The overall quality of brands seems to be decent so the consumer can interchange brands. The consumer is more in control now and everyone has had to evolve.
So creativity has become an even bigger superpower. Today, you need creativity to solve any problem. Without creativity, there’s no innovation.
We’re also seeing the work evolve. The talent profile has changed too – we have technologists and digital natives. The kind of partners we work with are also different. We were working with producers and production teams only earlier.
From an agency point-of-view, I feel that our client relationships have strengthened. More clients have entrusted us with more work and we cherish that.
The nature of work has changed too. We’ve developed a muscle for hustle at Ogilvy in the last couple of years. When you want to make new work happen, you have to figure out a way to do so.

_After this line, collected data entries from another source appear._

(* Let $F$ be any finite subset of $\mathbb{N}$ and $a_k$ a positive integer for each $k \in F$. Then there exist a continuous map $f : \mathbb{R}^2 \to \mathbb{R}^2$ and a fixed point $p$ of $f$ such that $\{p\}$ is an isolated invariant set and $$i(f^n,p) = 1 - \sum_{k \in F,\ k\mid n} k\,a_k \quad \text{for every } n \ge 1,$$ i.e. $\{i(f^n,p)\}_{n\ge1} = \sigma^1 - \sum_{k\in F} a_k\sigma^k$.
   Context: $i(g,p)$ is the fixed point index; $\sigma^k_n = k$ if $k\mid n$ and $0$ otherwise. $\{p\}$ is an isolated invariant set if there is a compact $N$ with $\{p\} = \mathrm{Inv}(f,N) \subset \mathrm{int}(N)$, where $\mathrm{Inv}(f,N)$ is the set of $x \in N$ admitting a sequence $(x_n)_{n\in\mathbb{Z}}\subset N$ with $x_0=x$, $f(x_n)=x_{n+1}$. *)

From Stdlib Require Import Reals Lra ZArith Arith List.
Open Scope R_scope.

Definition R2 := (R * R)%type.

Definition dist2 (x y : R2) : R :=
  sqrt ((fst x - fst y) ^ 2 + (snd x - snd y) ^ 2).

Definition continuous2 (f : R2 -> R2) : Prop :=
  forall x eps, 0 < eps -> exists delta, 0 < delta /\
    forall y, dist2 x y < delta -> dist2 (f x) (f y) < eps.

Definition bounded2 (N : R2 -> Prop) : Prop :=
  exists M, forall x, N x -> dist2 x (0, 0) <= M.

Definition closed2 (N : R2 -> Prop) : Prop :=
  forall x, (forall eps, 0 < eps -> exists y, N y /\ dist2 x y < eps) -> N x.

(* Heine-Borel: compact subsets of R^2 are the closed bounded ones *)
Definition compact2 (N : R2 -> Prop) : Prop := bounded2 N /\ closed2 N.

Definition interior2 (N : R2 -> Prop) (x : R2) : Prop :=
  exists eps, 0 < eps /\ forall y, dist2 x y < eps -> N y.

Definition Inv (f : R2 -> R2) (N : R2 -> Prop) (x : R2) : Prop :=
  exists xs : Z -> R2, xs 0%Z = x /\
    forall n : Z, N (xs n) /\ f (xs n) = xs (n + 1)%Z.

Definition isolated_invariant_singleton (f : R2 -> R2) (p : R2) : Prop :=
  exists N : R2 -> Prop, compact2 N /\
    (forall x, Inv f N x <-> x = p) /\ interior2 N p.

Definition winds (gamma : R -> R2) (m : Z) : Prop :=
  (forall t, 0 <= t <= 1 -> gamma t <> (0, 0)) /\
  exists theta : R -> R,
    (forall t, continuity_pt theta t) /\
    (forall t, 0 <= t <= 1 ->
       gamma t = (dist2 (gamma t) (0,0) * cos (theta t),
                  dist2 (gamma t) (0,0) * sin (theta t))) /\
    theta 1 - theta 0 = 2 * PI * IZR m.

Definition circ (p : R2) (r t : R) : R2 :=
  (fst p + r * cos (2 * PI * t), snd p + r * sin (2 * PI * t)).

Definition fp_index (g : R2 -> R2) (p : R2) (m : Z) : Prop :=
  g p = p /\
  exists r0, 0 < r0 /\ forall r, 0 < r < r0 ->
    (forall x, dist2 x p <= r -> g x = x -> x = p) /\
    winds (fun t => let x := circ p r t in
                    (fst x - fst (g x), snd x - snd (g x))) m.

(* sum_{k in F, k | n} k * a_k  (F given as a duplicate-free list) *)
Definition divsum (F : list nat) (a : nat -> nat) (n : nat) : Z :=
  fold_right (fun k acc =>
    ((if Nat.eqb k 0 then 0 else if Nat.eqb (Nat.modulo n k) 0
      then Z.of_nat (k * a k) else 0) + acc)%Z) 0%Z F.

From Stdlib Require Import Reals ZArith List Lra Lia Classical.
From Coquelicot Require Import Complex.
Open Scope R_scope.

So the hustle is the art of figuring out some things that aren’t possible – the SRK piece (for Cadbury Celebrations) is an example of the same.
Hustle comes with a negative connotation sometimes. The industry itself is sometimes ridiculed for having too much ‘hustle’. That’s not what you’re referring to, right?

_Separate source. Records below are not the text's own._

Lemma measurable_cylinder_if (P : Prop) (n : int) (c : bool) :
  measurable [set x : Cfg | P -> x n = c].
Proof.
have [p|np] := pselect P.
  rewrite (_ : [set x | _] = [set x : Cfg | x n = c]).
    exact: measurable_cylinder.
  by apply/seteqP; split => x /=; [apply | move=> h _].
rewrite (_ : [set x | _] = setT) //.
by apply/seteqP; split => x //= _ /np.
Qed.

Lemma measurable_Xeta (b : nat -> nat) : measurable (bf_Xeta b).
Proof.
apply: measurable_forall_int => m; apply: measurable_forall_nat => l.
apply: measurable_exists_int => t; apply: measurable_forall_nat => j.
exact: measurable_cylinder_if.
Qed.

Definition shiftn (n : nat) (x : Cfg) : Cfg := fun m => x (m + n%:Z).

Lemma shiftn0 (x : Cfg) : shiftn 0 x = x.
Proof. by apply/funext => m; rewrite /shiftn addr0. Qed.

Lemma bf_shiftE : bf_shift = shiftn 1.
Proof. by []. Qed.

Lemma shiftnD (m n : nat) (x : Cfg) : shiftn m (shiftn n x) = shiftn (m + n) x.
Proof. by apply/funext => k; rewrite /shiftn -addrA PoszD. Qed.

Lemma measurable_shiftn (n : nat) : measurable_fun setT (shiftn n).
Proof.
apply: (measurability _ (erefl : @measurable _ Cfg = <<s bf_cylinders >>)).
move=> _ [B [m [c ->]] <-]; rewrite setTI.
exact: (measurable_cylinder (m + n%:Z) c).
Qed.

Lemma shiftn_invariant (R : realType) (nu : probability Cfg R) :
  m_invariant nu bf_shift -> forall n A, measurable A ->
  nu (shiftn n @^-1` A) = nu A.
Proof.
move=> nu_inv; elim=> [|n IH] A mA.
  by congr (nu _); apply/seteqP; split => x /=; rewrite shiftn0.
rewrite (_ : _ @^-1` _ = bf_shift @^-1` (shiftn n @^-1` A)).
  by rewrite nu_inv ?IH // -(setTI (_ @^-1` _)); apply: measurable_shiftn.
by apply/seteqP; split => x /=; rewrite bf_shiftE shiftnD addn1.
Qed.

Definition vanishes_on (b : nat) (x : Cfg) (r : 'Z_b) : bool :=
  `[< forall n : int, n%:~R = r -> x n = false >].

Definition vanishing_classes (b : nat) (x : Cfg) : {ffun 'Z_b -> bool} :=
  [ffun r => vanishes_on x r].

(* The opposite of some residue class on which [x] vanishes (junk value 0 if
   there is none), so that [phase b x + n] is never 0 when [x n = 1]. *)
Definition phase_of_classes (b : nat) (u : {ffun 'Z_b -> bool}) : 'Z_b :=
  if [pick r | u r] is Some r then - r else 0.

Definition phase (b : nat) (x : Cfg) : 'Z_b :=
  phase_of_classes (vanishing_classes b x).

Lemma measurable_vanishes_on (b : nat) (r : 'Z_b) :
  measurable [set x : Cfg | vanishes_on x r].
Proof.
rewrite (_ : [set x | _] = [set x | forall n : int,
   [set x : Cfg | (n%:~R : 'Z_b) = r -> x n = false] x]).
  by apply: measurable_forall_int => n; apply: measurable_cylinder_if.
by apply/seteqP; split => x /=; rewrite /vanishes_on asboolE.
Qed.

Lemma measurable_phase (b : nat) (B : set 'Z_b) : measurable (phase b @^-1` B).
Proof.
rewrite (_ : _ @^-1` _ = \bigcup_(u in [set u | B (phase_of_classes u)])
   \bigcap_(r in [set: 'Z_b]) [set x : Cfg | vanishes_on x r = u r]).
  apply: fin_bigcup_measurable; first exact: finite_finset.
  move=> u _; apply: fin_bigcap_measurable; first exact: finite_finset.
  move=> r _; case: (u r); first exact: measurable_vanishes_on.
  rewrite (_ : [set x | _] = ~` [set x | vanishes_on x r]).
    by apply: measurableC; apply: measurable_vanishes_on.
  by apply/seteqP; split => x /=; case: (vanishes_on x r).
apply/seteqP; split => x /=.
  by move=> Bx; exists (vanishing_classes b x) => // r _; rewrite ffunE.
case=> u /= Bu xu; suff e : vanishing_classes b x = u by rewrite /phase e.
by apply/ffunP => r; rewrite ffunE; apply: xu.
Qed.

Lemma phase_shiftn_period (b : nat) (x : Cfg) : (1 < b)%N ->
  phase b (shiftn b x) = phase b x.
Proof.
move=> b_gt1; congr phase_of_classes; apply/ffunP => r; rewrite !ffunE.
apply/asboolP/asboolP => h n hn.
  have := h (n - b%:Z); rewrite /shiftn subrK; apply.
  by rewrite intrB -pmulrn pchar_Zp // subr0.
by have := h (n + b%:Z); apply; rewrite intrD -pmulrn pchar_Zp // addr0.
Qed.

Lemma phase_addn_neq0 (b : nat) (x : Cfg) (n : nat) :
  (exists r : 'Z_b, vanishes_on x r) -> x n%:Z -> phase b x + n%:R != 0.
Proof.
move=> [r xr] xn; rewrite /phase /phase_of_classes; case: pickP => [r' | none].
  rewrite ffunE addrC subr_eq0 => /asboolP xr'; apply/eqP => nr'.
  by move: xn; rewrite (xr' n) // -nr' pmulrn.
by have := none r; rewrite ffunE xr.
Qed.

The muscle for hustle is about making impossible things possible. It’s not so linear, and nothing comes to you on a platter. We are figuring out how to make things happen and that’s what I’m referring to. It’s in no way a negative connotation.

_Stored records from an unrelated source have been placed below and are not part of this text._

(* Otherwise [1 - p0 e i0] has a left inverse [t]; then [y := e + e i0 t p0 e] is a
   left inverse of [e Q1 e = e - e i0 p0 e] in [e End(X) e], which makes [e] conjugate
   to the idempotent [y Q1] below [Q1]. *)
Lemma splits_step_nonunit (t : Hom X0 X0) :
  comp t (hadd (idm X0) (hopp (comp p0 (comp e i0)))) = idm X0 -> splits e.
Proof.
move=> tu.
pose a := comp e i0; pose b := comp p0 e; pose u := comp p0 (comp e i0).
have ba : comp b a = u by rewrite /b /a compA4 ee.
have ea : comp e a = a by rewrite /a compA ee.
have be : comp b e = b by rewrite /b -compA ee.
have t_eq : t = hadd (idm X0) (comp t u).
  by move: tu; rewrite compDr comp1r compNr -/u => <-; rewrite -haddA haddNl hadd0r.
pose y := hadd e (comp a (comp t b)).
have ye : comp y e = y by rewrite /y compDl ee -(compA a) -(compA t) be.
have ey : comp e y = y by rewrite /y compDr ee compA ea.
have ya : comp y a = comp a t.
  by rewrite /y compDl ea -(compA a) -(compA t) ba [in RHS]t_eq compDr comp1r.
have split_e : hadd (comp a b) (comp e (comp Q1 e)) = e.
  by rewrite /a /b -!compA (compA i0 p0 e) -compDr -compDl compA eQ ee.
have eQ1e : comp e (comp Q1 e) = hadd e (hopp (comp a b)).
  apply: (haddI (f := comp a b)); rewrite split_e.
  by rewrite haddC -haddA haddNl hadd0r.
have yx : comp y (comp e (comp Q1 e)) = e.
  by rewrite eQ1e compDr compNr ye compA ya /y -compA -haddA haddNr hadd0r.
have yQy : comp y (comp Q1 y) = y.
  have -> : comp y (comp Q1 y) = comp (comp y (comp e (comp Q1 e))) y.
    by rewrite -{1}ye -{2}ey !compA.
  by rewrite yx ey.
pose h := comp y Q1.
have hh : idempotent h by rewrite /idempotent /h compA -(compA y Q1 y) yQy.
have hQ1 : comp h Q1 = h by rewrite /h -compA Q1Q1.
apply: (splits_conj (a := h) (b := e) _ _ ee (splits_below hh hQ1)).
  by rewrite /h -compA -{1}ye -compA yx.
by rewrite /h compA ey.
Qed.

Lemma splits_step : local_end X0 -> splits e.
Proof.
move=> /(local_unit_or_unit_1sub (comp p0 (comp e i0))) [[v [vu _]]|[t [tu _]]].
  exact: splits_step_unit vu.
exact: splits_step_nonunit tu.
Qed.

End SplitStep.

Definition local_family (X : Ob D) n (Xs : 'I_n -> Ob D) (i : forall k, Hom (Xs k) X)
    (p : forall k, Hom X (Xs k)) :=
  [/\ forall k, local_end (Xs k), forall k, comp (p k) (i k) = idm (Xs k) &
      forall k l, k <> l -> comp (p k) (i l) = hzero].

Lemma local_family_idempotent (X : Ob D) n (Xs : 'I_n -> Ob D) (i : forall k, Hom (Xs k) X)
    (p : forall k, Hom X (Xs k)) :
  local_family i p -> idempotent (\big[hadd/hzero]_(k < n) comp (i k) (p k)).
Proof.
move=> [_ pi orth].
have pQ l : comp (p l) (\big[hadd/hzero]_(k < n) comp (i k) (p k)) = p l.
  rewrite comp_sumr (bigD1 l) //= big1 ?hadd0r => [|k kl]; first by rewrite compA pi comp1l.
  by rewrite compA orth ?comp0l // => lk; rewrite lk eqxx in kl.
by rewrite /idempotent comp_suml; apply: eq_bigr => k _; rewrite -compA pQ.
Qed.

Lemma splits_local_family n : forall (X : Ob D) (Xs : 'I_n -> Ob D)
    (i : forall k, Hom (Xs k) X) (p : forall k, Hom X (Xs k)) (e : Hom X X),
  local_family i p -> idempotent e ->
  comp e (\big[hadd/hzero]_(k < n) comp (i k) (p k)) = e -> splits e.
Proof.
elim: n => [|n IH] X Xs i p e fam ee.
  by rewrite big_ord0 comp0r => <-; apply: splits0.
have [loc pi orth] := fam.
have fam' : local_family (fun k => i (lift ord0 k)) (fun k => p (lift ord0 k)).
  by split=> [k|k|k l kl]; [exact: loc | exact: pi | apply: orth => /lift_inj].
rewrite big_ord_recl => eQ.
exact: splits_step (local_family_idempotent fam') ee eQ (fun h => IH _ _ _ _ h fam') (loc ord0).
Qed.

Lemma idempotent_complete_of_krull_schmidt : KrullSchmidt D -> idempotent_complete.
Proof.
move=> HK X e ee; have [n [Xs [i [p [loc pi orth sum]]]]] := HK X.
by apply: (@splits_local_family n X Xs i p) => //; rewrite sum comp1r.
Qed.

End AdditiveSplitting.

Section Endomorphisms.
Variable X : Ob D.
Implicit Types f g h e : Hom X X.

Fixpoint hpow f k : Hom X X := if k is k'.+1 then comp f (hpow f k') else idm X.

Lemma hpowD f j k : hpow f (j + k) = comp (hpow f j) (hpow f k).
Proof. by elim: j => [|j IH] /=; rewrite ?comp1l // IH compA. Qed.

Lemma hpowSr f k : hpow f k.+1 = comp (hpow f k) f.
Proof. by rewrite -addn1 hpowD /= comp1r. Qed.

Definition nilpotent f := exists n, hpow f n = hzero.

Lemma idm0_of_linv_nilpotent f g : comp g f = idm X -> nilpotent f -> idm X = hzero.
Proof.
move=> gf [n fn].
have gkfk k : comp (hpow g k) (hpow f k) = idm X.
  by elim: k => [|k IH]; rewrite ?comp1l // hpowSr /= compA4 gf comp1l.
by rewrite -(gkfk n) fn comp0r.
Qed.

Lemma idm0_of_rinv_nilpotent f g : comp f g = idm X -> nilpotent f -> idm X = hzero.
Proof.
move=> fg [n fn].
have fkgk k : comp (hpow f k) (hpow g k) = idm X.
  by elim: k => [|k IH]; rewrite ?comp1l // hpowSr /= compA4 fg comp1l.
by rewrite -(fkgk n) fn comp0l.
Qed.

At Ogilvy, we are very clear about our culture and we will not let anything change that. The negative part of hustle is about shortcutting, and that’s not it. This is more about inventiveness and resourcefulness.
For example, with the Savlon Chalks piece, we had to find someone to put something in a chalk. This was found through someone in Africa. That’s the muscle for hustle. To break new ground, you have to figure out how to make things happen.
You spoke about client relationships and them being long-term. We’re also seeing a lot more project-based work emerge though, especially with the start-ups. What’s your take on this?
It’s not increased as much for us. We were probably at 5% before, now we’re around 10-12% when it comes to projects versus retainers.
Within the Ogilvy group sits 82.5. Recently its chief creative officer moved to Ogilvy Indonesia. What’s your take on the agency? Does it need re-invention?
We believe it’s got a fantastic future. We’re very excited about the kind of people who want to join. We have fantastic talent in 82.5 Communications and we are going to evolve our offer to make it stronger. Our plans for 82.5 will be unveiled soon. It’s going to rock. The team there will be a talent magnet and clients will desire to work with them. Finally, it’s the work that will decide our destiny and that will happen.
Talent continues to be an issue for most agencies, with them not being able to match the remuneration the tech companies offer. How can agencies solve this?
We are on a continuous journey to improve that and have made significant progress here over the years. We’ve also ensured pay parity (men to women) and have consciously worked on this. We’ve not reached the peak, but we are certainly better now than we were five-six years ago.
For junior to mid-levels, it’s improved for sure.
Any other challenges?
Today, the marketing mix is more complex than it was. Our ability to be able to deliver high-quality work at a value that is win-win for clients and the agency is where we struggle. We also can’t manage conflict as well as consultants do.
From an industry point-of-view, talent is a challenge, however, I think we’re well placed. If you look at the bench we have here and the next level, 13 out of the 15 are homegrown. The industry needs to do the work to do work to make it a magnet for talent and an industry that’s not about ‘mad men’ but ‘mad people’.
Would the new age independent agencies, and the good work they’re doing help the industry?
They’re doing good work. But this needs to happen at scale for it to help the industry. I don’t think people coming out of schools are looking at advertising as the first option suddenly (due to these agencies). They (young talent) have much more choice.